Well, let’s see how long a ladder we need to build, shall we?

Our first question comes from our own charming Gina from Three Ring Cottage.

Hmmm…a complex series of question. I may need to scribble a few notes while I work this one out. The sunroom is a positive, for certain, a two-day project taking two months, hmmm…that’s a negative, which is compounded by the duration. That’s factor of ten on the delay…that’s gonna cost ya. But then getting the husband to shop and cook, oooh, that’s good. That’s very good. I think there’s a bonus in there. You only lose wife/mother cred if they forget that you know how to do those things.

Ok. The answer is: +11 Martha Points. And no, I am not going to show my work.

Our next question comes from the lovely Mama P, from Keeper of the Penguins.
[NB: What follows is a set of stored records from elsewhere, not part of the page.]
Lemma even_der_Dev D phi r : sder (mulJ delta) (@parJ F Z) false D -> admissible phi r ->
  (forall f, D (jz f) = jz (phi f)) -> D jx = jodd r 0 0 0 ->
  D jw1 = jeven 0 (je1 (D jw1)) 0 0 -> D jw2 = jeven 0 0 (je2 (D jw2)) 0 ->
  D jw3 = jeven 0 0 0 (je3 (D jw3)) -> D =1 Dev phi r.
Proof.
move=> Dder adm Djz Dx Dw1 Dw2 Dw3.
have [phi0 phi1] := (zder0 adm.1, zder1 adm.1).
have D1 : D (jz 1) = 0 by rewrite Djz phi1.
have Dw1_0 : D jw1 = 0.
  move: (sder_sq0 Dder (erefl : parJ false jw1)); rewrite jw1_mul_jw1 D1 Dw1 jw1_mul_even.
  by move=> /(_ erefl) /jeven_eq0 [-> _ _ _].
have Dw2_0 : D jw2 = 0.
  move: (sder_sq0 Dder (erefl : parJ false jw2)); rewrite jw2_mul_jw2 D1 Dw2 jw2_mul_even.
  by move=> /(_ erefl) /jeven_eq0 [-> _ _ _].
have Dw3_0 : D jw3 = 0.
  move: (sder_sq0 Dder (erefl : parJ false jw3)); rewrite jw3_mul_jw3 (sderN Dder) D1 oppr0.
  by rewrite Dw3 jw3_mul_even => /(_ erefl) /jeven_eq0 [/opp_eq0 -> _ _ _].
apply: sder_gen_ext Dder (Dev_sder adm) _ _ _ _ _.
- by move=> f; rewrite Djz /Dev; unfold_J; split_pairs; rewrite ?phi0; ring.
- by rewrite Dw1_0 /Dev; unfold_J; split_pairs; rewrite ?phi0 ?phi1; ring.
- by rewrite Dw2_0 /Dev; unfold_J; split_pairs; rewrite ?phi0 ?phi1; ring.
- by rewrite Dw3_0 /Dev; unfold_J; split_pairs; rewrite ?phi0 ?phi1; ring.
- by rewrite Dx /Dev; unfold_J; split_pairs; rewrite ?phi0 ?phi1; ring.
Qed.

(* Preservation of the Z_2^2-grading on parity-homogeneous elements only: this is what the
   even and odd parts of a graded derivation inherit ([der_graded_parts]). *)
Definition graded_homog (D : J -> J) :=
  forall k p u, (k < 4)%N -> parJ p u -> inJdeg k u -> inJdeg k (D u).

Lemma pair_eq0 (a b : Z) : (a, b) = 0 -> a = 0 /\ b = 0.
Proof. by case. Qed.

Lemma deg0_even u : parJ false u -> inJdeg 0 u -> u = jz (je0 u).
Proof.
move=> pu deg; rewrite {1}(parJ_even pu).
case/pair_eq0: (deg 1%N isT isT) => -> _; case/pair_eq0: (deg 2%N isT isT) => -> _.
by case/pair_eq0: (deg 3%N isT isT) => -> _.
Qed.

Lemma deg0_odd u : parJ true u -> inJdeg 0 u -> u = jodd (jo0 u) 0 0 0.
Proof.
move=> pu deg; rewrite {1}(parJ_odd pu).
case/pair_eq0: (deg 1%N isT isT) => _ ->; case/pair_eq0: (deg 2%N isT isT) => _ ->.
by case/pair_eq0: (deg 3%N isT isT) => _ ->.
Qed.

Lemma deg1_even u : parJ false u -> inJdeg 1 u -> u = jeven 0 (je1 u) 0 0.
Proof.
move=> pu deg; rewrite {1}(parJ_even pu).
case/pair_eq0: (deg 0%N isT isT) => -> _; case/pair_eq0: (deg 2%N isT isT) => -> _.
by case/pair_eq0: (deg 3%N isT isT) => -> _.
Qed.

Lemma deg2_even u : parJ false u -> inJdeg 2 u -> u = jeven 0 0 (je2 u) 0.
Proof.
move=> pu deg; rewrite {1}(parJ_even pu).
case/pair_eq0: (deg 0%N isT isT) => -> _; case/pair_eq0: (deg 1%N isT isT) => -> _.
by case/pair_eq0: (deg 3%N isT isT) => -> _.
Qed.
You burned two dinners? Really, sweetie? *sigh* You know I hate to do this, I really love the giving of points more than the deducting, but that’s a -4 points TIMES a -4 points. That’s -16 Points. Now, normally this would be the time when I would suggest your call your doctor for a prescription for Prozac, BUT, you have some pretty amazing cleaning there, too. It takes me approximately a week to get the house cleaned after a kid party, but you got it done in TWO HOURS. So, that’s an easy +10 Martha Points right there. So, you’re only at a -6 point deficit. You can get outta that easy. One sponge cake or pair of culottes turned into a tea cozy and you’re back in business.

Next up: The adorable Jessica from J Wood Photography

What? I have cats! Are you calling ME a crazy cat lady? Just because I talk to them and give them water by hand from the faucet?? What kind of abuse is this?? What are you saying? I don’t have to take this! Next question!

And finally today, we have a query from the always gorgeous Hope. (Who, by the way, has her own CD on iTunes! I bought a song!)

Now, I did caution Hope when she sent me this image that she was gambling with the “Making Lori Look Bad” penalty subclauses, but she assured me that she neglected all other aspects of domestic engineering and Martha-tude for the sake of this amazing circus quilt and that the dog hair reached tumbleweed proportions. So no penalty. And for this gorgeous display of craftiness (have I mentioned that I really don’t sew? My mother is considering finding other daughters.) I award: +20 Martha Points.

And that wraps up this week’s edition of Ask Not-Martha! Keep those questions comings and those pots boiling over! It’s almost Halloween you know, and NOTHING beats a good cauldron scalding.

Till next time!


  1. Dear Not-Martha,

    My 4 yo was up 7 times last night. How many Martha points are deducted if mom either:
    a) Was snoring so loud she didn’t hear her own daughter. OR
    b) Feigned sleep so dad would get up and put her back to bed.

    These are hypothetical, of course. I’m just asking for a friend.

  2. I feel exhausted and inferior compared to these ladies. I am going to make a sponge cake decorated with fresh flowers from my garden, just to make up some points.

    Yeah, like that would happen….

  3. Nice to come out on top for a change. Thanks for answering my questions. “culottes” made me chuckle. Haven’t heard that word in quite some time.

  4. How many points do I get for designing the invitations for my mother’s upcoming wedding.

    Do I get extras for redesigning them (without complaining….much) when she passed it around her office and then took the 15 suggestions of her coworkers and sent along all the “tweak” suggestions to me?

  5. Negative four multipled by negative four is positive sixteen. Negative sixteen is negative four times positive four, or negative four quadrupled.

  6. I thought for a second that I had written Jessica’s question about having two cats and no social life. Because my name is Jessica and I have two cats and no social life. Then I read that she’s 23. I’m 30. I hate Jessica. To be clear, I don’t hate myself. I hate the other Jessica.